Как-то мы крупно поспорили с отцом, и он сказал мне, что в моем возрасте сам зарабатывал себе на жизнь. Это определило наши дальнейшие отношения, тем более что как раз тогда у меня в ушах звучала песня Германа Гримма с такой строчкой: «Мы все стремимся к равенству пред Богом и законом, и в этом смысл истории людей». Как раз этого хотел и я, или думал, что хотел — равенства — «Em uber Alles sich ausstreckendes Verlagen nach Gleichheit vor Gott und vor dem Gesetze...»

Боюсь, скажете, не так уж много в этой фразе; но я привожу ее тут, потому что она произвела на меня потрясающее впечатление. В первый раз мне пришло в голову, что равенство может быть мотивом чего угодно, не говоря уж о современной политике.

Через несколько дней после скандала я объявил отцу, что намерен отправиться в Америку, и спросил, не может ли он ссудить мне пятьсот марок (125$) на дорогу до Нью-Йорка. Сумму в пятьсот марок я назвал, потому что он обещал мне столько на первый год моей учебы в университете. Я сказал ему, что беру эти деньги в долг, а не как подарок, и в конце концов получил их, потому что меня поддержала Сьюзел — такой доброты я никак не ожидал от нее и проникся стыдом и благодарностью. Однако Сьюзел не нужна была моя благодарность; ей просто хотелось избавиться от меня, как она сказала: если бы я остался, то был бы обузой для своего отца.

Четвертым классом я доехал до Гамбурга и через три дня был уже на корабле, в каюте третьего класса, где оказался единственным более или менее образованным человеком и большую часть времени провел в одиночестве, уча английский язык. Тем не менее пару знакомств я все-таки завел. Молодой парень Людвиг Хеншель работал на корабле официантом, но он успел поработать в Англии и считал Америку владением Тома Тиддлера [1]. Ему нравилось хвастаться и давать мне советы; и все-таки он был горд знакомством со мной из-за моей учености, а я терпел его, в основном потому, что его отношение ко мне льстило моему самолюбию.

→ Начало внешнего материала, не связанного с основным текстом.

Lemma card_mrem n m i0 : (i0 < n)%nat -> m i0 = true -> (card n (mrem m i0) < card n m)%nat.
Proof.
  intros Hi0 Hm. apply card_lt.
  - intros i _ H. unfold mrem in H. apply andb_prop in H. tauto.
  - exists i0. unfold mrem. rewrite Nat.eqb_refl, Bool.andb_false_r. auto.
Qed.

Lemma supp_mask_true u i : supp_mask u i = true <-> u i <> 0.
Proof. unfold supp_mask. destruct (Req_EM_T (u i) 0); split; congruence. Qed.

Lemma card_supp_strict n v u :
  supp_strict_sub n v u -> (card n (supp_mask v) < card n (supp_mask u))%nat.
Proof.
  intros [Hsub [i [Hi [Hu Hv]]]]. apply card_lt.
  - intros j Hj. rewrite !supp_mask_true. auto.
  - exists i. rewrite supp_mask_true. split; [|split]; auto.
    unfold supp_mask. destruct (Req_EM_T (v i) 0); congruence.
Qed.

(** The ratio test: subtracting the largest multiple of u that keeps x
    nonnegative kills an entry of Supp(u). *)

Lemma argmin_exists n (P : nat -> Prop) (r : nat -> R) :
  (exists i, (i < n)%nat /\ P i) ->
  exists i0, (i0 < n)%nat /\ P i0 /\ forall i, (i < n)%nat -> P i -> r i0 <= r i.
Proof.
  induction n as [|n IH]; intros [i [Hi HP]]; [lia|].
  destruct (classic (exists j, (j < n)%nat /\ P j)) as [Hex|Hnone].
  - destruct (IH Hex) as [i0 [Hi0 [HP0 Hmin]]].
    destruct (classic (P n /\ r n < r i0)) as [[HPn Hlt]|Hn].
    + exists n. repeat split; auto. intros j Hj HPj.
      destruct (Nat.eq_dec j n) as [->|]; [lra|].
      assert (r i0 <= r j) by (apply Hmin; auto; lia). lra.
    + exists i0. repeat split; auto. intros j Hj HPj.
      destruct (Nat.eq_dec j n) as [->|]; [|apply Hmin; auto; lia].
      apply Rnot_lt_le. intros Hlt. apply Hn. auto.
  - exists n. repeat split; auto.
    + destruct (Nat.eq_dec i n) as [<-|]; auto.
      exfalso. apply Hnone. exists i. split; auto. lia.
    + intros j Hj HPj. destruct (Nat.eq_dec j n) as [->|]; [lra|].
      exfalso. apply Hnone. exists j. split; auto. lia.
Qed.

Еще там был немец с севера, которого звали Рабен и который считал себя журналистом, хотя у него было больше самомнения, чем начитанности, и о настоящем образовании он мог только мечтать. Маленький, худенький, с серыми глазами и словно отбеленными ресницами и волосами, он обычно разговаривал возбужденным стаккато и имел обыкновение прямо смотреть в глаза. Внутренний голос подсказывал мне держаться от него подальше, но я так плохо знал жизнь, что принял его взгляд за доказательство абсолютной честности, да еще отругал свой внутренний голос. Знай я о нем тогда то, что узнал позже, я бы... Ладно, нечего попусту кулаками махать! Иуда не появляется среди людей с выжженным на лбу клеймом. Кажется, я не нравился Рабе-ну. Вначале он попытался подружиться со мной, однако в каком-то споре привел латинскую цитату и понял, что я уловил ошибку. Тогда он стал держаться подальше и попытался увести с собой Хеншеля, но Людвиг лучше знал жизнь, чем книги, и признался мне, что не доверяет ни мужчинам, ни женщинам с белыми ресницами. Вот уж правда, мужчина что ребенок!

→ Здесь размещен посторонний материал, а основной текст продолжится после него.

Lemma SIP_sparse (L : set nat) (m K : nat) : infinite_set L ->
  exists Q : set nat, [/\ Q `<=` L, infinite_set Q, (forall x, Q x -> (m < x)%N)
    & forall z, SIP Q z -> z != 0 -> (K < absz z)%N].
Proof.
move=> /infinite_natP unbL.
have /choice [g gP] : forall N, exists x, L x /\ (N < x)%N.
  by move=> N; have [x] := unbL N; exists x.
(* Each new term exceeds K + m plus the sum h j of all earlier terms, so the
   last term of a nonzero signed sum dominates it. *)
pose fix h j := if j is j'.+1 then (h j' + g (K + m + h j'))%N else 0%N.
pose q j := g (K + m + h j).
have qP j : L (q j) /\ (K + m + h j < q j)%N by exact: gP.
have jh j : (j <= h j)%N by elim: j => //= j; have [_] := qP j; rewrite -/(q j); lia.
exists (range q); split.
- by move=> _ [j _ <-]; case: (qP j).
- apply/infinite_natP => N; exists (q N); first by exists N.
  by have [_] := qP N; have := jh N; lia.
- by move=> _ [j _ <-]; have [_] := qP j; lia.
move=> z /(SIP_range_ind (P := fun J z => (absz z <= h J)%N /\
    (z != 0 -> K < absz z)%N) (z0 := 0)) [].
- by split=> //; rewrite eqxx.
- move=> k z' [zh zK]; have [_] := qP k; rewrite /= -/(q k).
  by split; split=> [|/eqP]; lia.
- by move=> J; rewrite add0r => -[].
Qed.

Lemma SIP_bounded_seq (L : set nat) (zs : seq int) :
  {in zs, forall z, SIP L z} -> exists m, {in zs, forall z, SIP (L `&` `I_m) z}.
Proof.
elim: zs => [|z zs IH] zsL; first by exists 0%N.
have [m zsm] : exists m, {in zs, forall z, SIP (L `&` `I_m) z}.
  by apply: IH => r rzs; apply: zsL; rewrite inE rzs orbT.
have [mz Lz] := SIP_bounded (zsL z (mem_head _ _)).
have sub k : (k <= maxn m mz)%N -> L `&` `I_k `<=` L `&` `I_(maxn m mz).
  by move=> km x [Lx xk]; split=> //; exact: leq_trans xk km.
exists (maxn m mz) => r; rewrite inE => /orP [/eqP ->|rzs].
  exact: (SIP_subset (sub _ (leq_maxr _ _))) Lz.
exact: (SIP_subset (sub _ (leq_maxl _ _))) (zsm r rzs).
Qed.

Lemma SIP_addB (L Q : set nat) (m : nat) r q : Q `<=` L ->
  (forall x, Q x -> (m < x)%N) -> SIP (L `&` `I_m) r -> SIP Q q ->
  SIP L (r + q) /\ SIP L (r - q).
Proof.
move=> QL Qm Lr Qq.
have disj : (L `&` `I_m) `&` Q = set0.
  by apply/seteqP; split=> // x [[_ /= xm] /Qm mx]; move: (ltn_trans xm mx); rewrite ltnn.
have sub : (L `&` `I_m) `|` Q `<=` L by move=> x [[]|/QL].
split; apply: (SIP_subset sub); apply: SIP_setU disj Lr _ => //; exact: SIPN.
Qed.

Lemma SIP_sequence (G : int -> Prop) (z0 : int) : G z0 ->
  (forall (zs : seq int) (M : nat), {in zs, forall r, G r} ->
    exists2 p : nat, (M < p)%N & {in zs, forall r, G (r + p%:Z) /\ G (r - p%:Z)}) ->
  exists p : nat -> nat,
    (forall k, (k < p k)%N) /\ forall z, SIP (range p) z -> G (z0 + z).
Proof.
move=> Gz0 Gstep.
(* A state lists the values z0 + z, z a signed sum of the p chosen so far,
   together with the last p chosen. *)
pose grow (st : seq int * nat) (st' : seq int * nat) := [/\ (st.2 < st'.2)%N,
  st'.1 = st.1 ++ map (fun r => r + st'.2%:Z) st.1 ++ map (fun r => r - st'.2%:Z) st.1
  & {in st'.1, forall r, G r}].
have /choice [f fP] : forall st, exists st', {in st.1, forall r, G r} -> grow st st'.
  move=> [zs M]; have [zsG|] := pselect {in zs, forall r, G r}; last first.
    by move=> NzsG; exists (zs, M).
  have [p Mp zspG] := Gstep zs M zsG.
  exists (zs ++ map (fun r => r + p%:Z) zs ++ map (fun r => r - p%:Z) zs, p).
  split=> // r; rewrite !mem_cat => /orP [/zsG //|/orP []] /mapP [r' r'zs ->];
  by case: (zspG r' r'zs).
pose st k := iter k f ([:: z0], 0%N).
have stG k : {in (st k).1, forall r, G r}.
  by elim: k => [r /[!inE] /eqP -> //|k IH]; case: (fP _ IH).
pose p k := (st k.+1).2.
have stp k : grow (st k) (st k.+1) by exact: fP (stG k).
have pS k : (p k < p k.+1)%N by case: (stp k.+1).
exists p; split; first by elim=> [|k IH]; [case: (stp 0%N) | have := pS k; lia].
have stS k r : r \in (st k).1 -> [/\ r \in (st k.+1).1,
    r + (p k)%:Z \in (st k.+1).1 & r - (p k)%:Z \in (st k.+1).1].
  move=> rk; case: (stp k) => _ -> _; rewrite !mem_cat rk.
  by rewrite (map_f (fun r => r + (p k)%:Z) rk) (map_f (fun r => r - (p k)%:Z) rk) !orbT.
move=> z zS; have [K] := SIP_range_ind (P := fun k r => r \in (st k).1) (mem_head _ _) stS zS.
exact: stG.
Qed.

Definition upward_closed (F : set (set nat)) :=
  (forall B, F B -> B `<=` Npos) /\
  forall B B', F B -> B `<=` B' -> B' `<=` Npos -> F B'.

Lemma dualF_dualF_sub (F : set (set nat)) : upward_closed F ->
  dualF (dualF F) `<=` F.
Proof.
move=> [Fpos Fup] D [Dpos DF]; apply: contrapT => FND.
have [x [Dx [_ NDx //]]] : D `&` (Npos `\` D) !=set0.
apply: DF; split=> [x [] //|B FB]; apply: contrapT => BD0; apply: FND.
apply: (Fup _ _ FB) _ Dpos => x Bx; apply: contrapT => NDx; apply: BD0.
by exists x; split=> //; split=> //; exact: Fpos FB _ Bx.
Qed.

Lemma sharpF_dualF (F : set (set nat)) : upward_closed F ->
  sharpF F = sharpF (dualF F).
Proof.
move=> Fup; apply/seteqP; split=> A [Apos AF]; split=> //.
  move=> C [Cpos CF]; split=> [x [_ /Cpos] //|B FB].
  by have [x [Cx [Ax Bx]]] := CF _ (AF B FB); exists x.
move=> B FB; apply: dualF_dualF_sub => //.
split=> [x [/Apos] //|C FC].
by have [_ /(_ B FB) [x [[Ax Cx] Bx]]] := AF C FC; exists x.
Qed.

Lemma gammaS_upward_closed : upward_closed gammaS.
Proof.
split=> [B [] //|B B' [_ [L [u [Lpos [infL BL]]]]] BB' B'pos].
by split=> //; exists L, u; do 2!split=> //; move=> n n0 /(BL n n0) /BB'.
Qed.

Lemma Sfam_SIP (L : set nat) : L `<=` Npos -> infinite_set L ->
  Sfam [set k | (0 < k)%N /\ SIP L k%:Z].
Proof. by move=> Lpos infL; split=> [x [] //|]; exists L; do 2!split=> //. Qed.

Lemma Sfam_Npos : Sfam Npos.
Proof.
split=> //; exists Npos; do 2!split=> //.
by apply/infinite_natP => N; exists N.+1.
Qed.

Lemma gtilde_dualF_Sfam : gtilde (dualF Sfam) = dualF gammaS.
Proof.
apply/seteqP; split=> C [Cpos CS]; split=> //.
  move=> B [_ [L [u [Lpos [infL BL]]]]].
  have [_ /(_ _ (Sfam_SIP Lpos infL))] := CS (- u).
  move=> [k [[k0 [a [Ca ka]]] [_ Lk]]]; exists a; split=> //.
  by apply: BL; [exact: Cpos | exists k%:Z; split=> //; lia].
move=> n; split=> [x [] //|B [_ [L [Lpos [infL BL]]]]].
have [w Lw w0] := (infinite_natP L).1 infL 0%N.
have [Q [QL infQ Qw Qsparse]] := SIP_sparse w (w + absz n) infL.
have Qpos : Q `<=` Npos by move=> x /QL /Lpos.
have [|a [Ca [a0 [z [Qz az]]]]] := CS [set k | (0 < k)%N /\
    exists z, SIP Q z /\ k%:Z = z + (w%:Z - n)].
  by split=> [x [] //|]; exists Q, (w%:Z - n); do 2!split=> //.
have zw : 0 < z + w%:Z.
  by case: (z =P 0) => [z0|/eqP /(Qsparse _ Qz)]; [rewrite z0|]; lia.
exists (absz (z + w%:Z)); split.
  by split; [lia | exists a; split=> //; lia].
apply: BL; first lia.
rewrite gez0_abs; last exact: ltW.
have QwL : [set w] `|` Q `<=` L by move=> x [->|/QL].
apply: (SIP_subset QwL); rewrite addrC; apply: SIP_setU (SIP_set1 w) Qz.
by apply/seteqP; split=> // x [-> /Qw]; rewrite ltnn.
Qed.

Section IntegerIterates.
Variables (X : Type) (T Tinv : X -> X).
Hypotheses (TK : cancel T Tinv) (TinvK : cancel Tinv T).

Definition iterz (z : int) : X -> X :=
  match z with Posz n => iter n T | Negz n => iter n.+1 Tinv end.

На корабле я свел знакомство также с Исааком Глюк-штейном, евреем из Лембурга, у которого не было денег, но который немножко знал английский язык и ни минуты не сомневался в своем будущем. «Через пять лет я разбогатею», — то и дело слетало с его языка. Пять лет! В книжку он не заглядывал, но все время пытался с кем-нибудь поговорить по-английски и к концу путешествия понимал английскую речь лучше меня, хотя не умел ни читать, ни писать по-английски, тогда как я читал с легкостью... Когда мы сошли на берег, он исчез из моей жизни, тем не менее мне известно, что он теперь знаменитый нью-йоркский банкир и сказочно богат. У него была единственная цель, и он был готов расшибиться в лепешку ради нее; в его случае страсть предсказывала победу.

Поздним вечером мы приблизились к Сэнди-Хук и утром уже бегали по Нью-Йорку. В тамошней спешке и толкотне, среди веселых возгласов и гула толпы я вдруг болезненно ощутил свое одиночество. Когда мы сошли на берег, то на поиски пристанища отправились вместе с Хеншелем, который тянулся ко мне, и благодаря его знанию английского языка и масонству его профессии нам очень скоро удалось найти комнату с питанием в восточной части города. На другой день мы с Хеншелем начали искать работу. У меня даже в мыслях не было, что я веселюсь, идя навстречу собственным бедам. Если я и пытаюсь сегодня вспомнить некоторые неприятности того времени, то лишь потому что они предвещают будущую трагедию. Никто и никогда не искал работу, настроившись решительнее и бодрее меня. Я решил, что буду работать изо всех сил; какая бы работа мне ни досталась, говорил я себе, я буду отдаваться ей целиком, отдаваться так, как никто другой. В школьной жизни мне не раз приходилось проверять эту установку на практике, и она всегда срабатывала. Я всегда выигрывал, будь то в начальной школе или в гимназии. Почему же ей не сработать в более широком жизненном соревновании? Ну и дураком я был.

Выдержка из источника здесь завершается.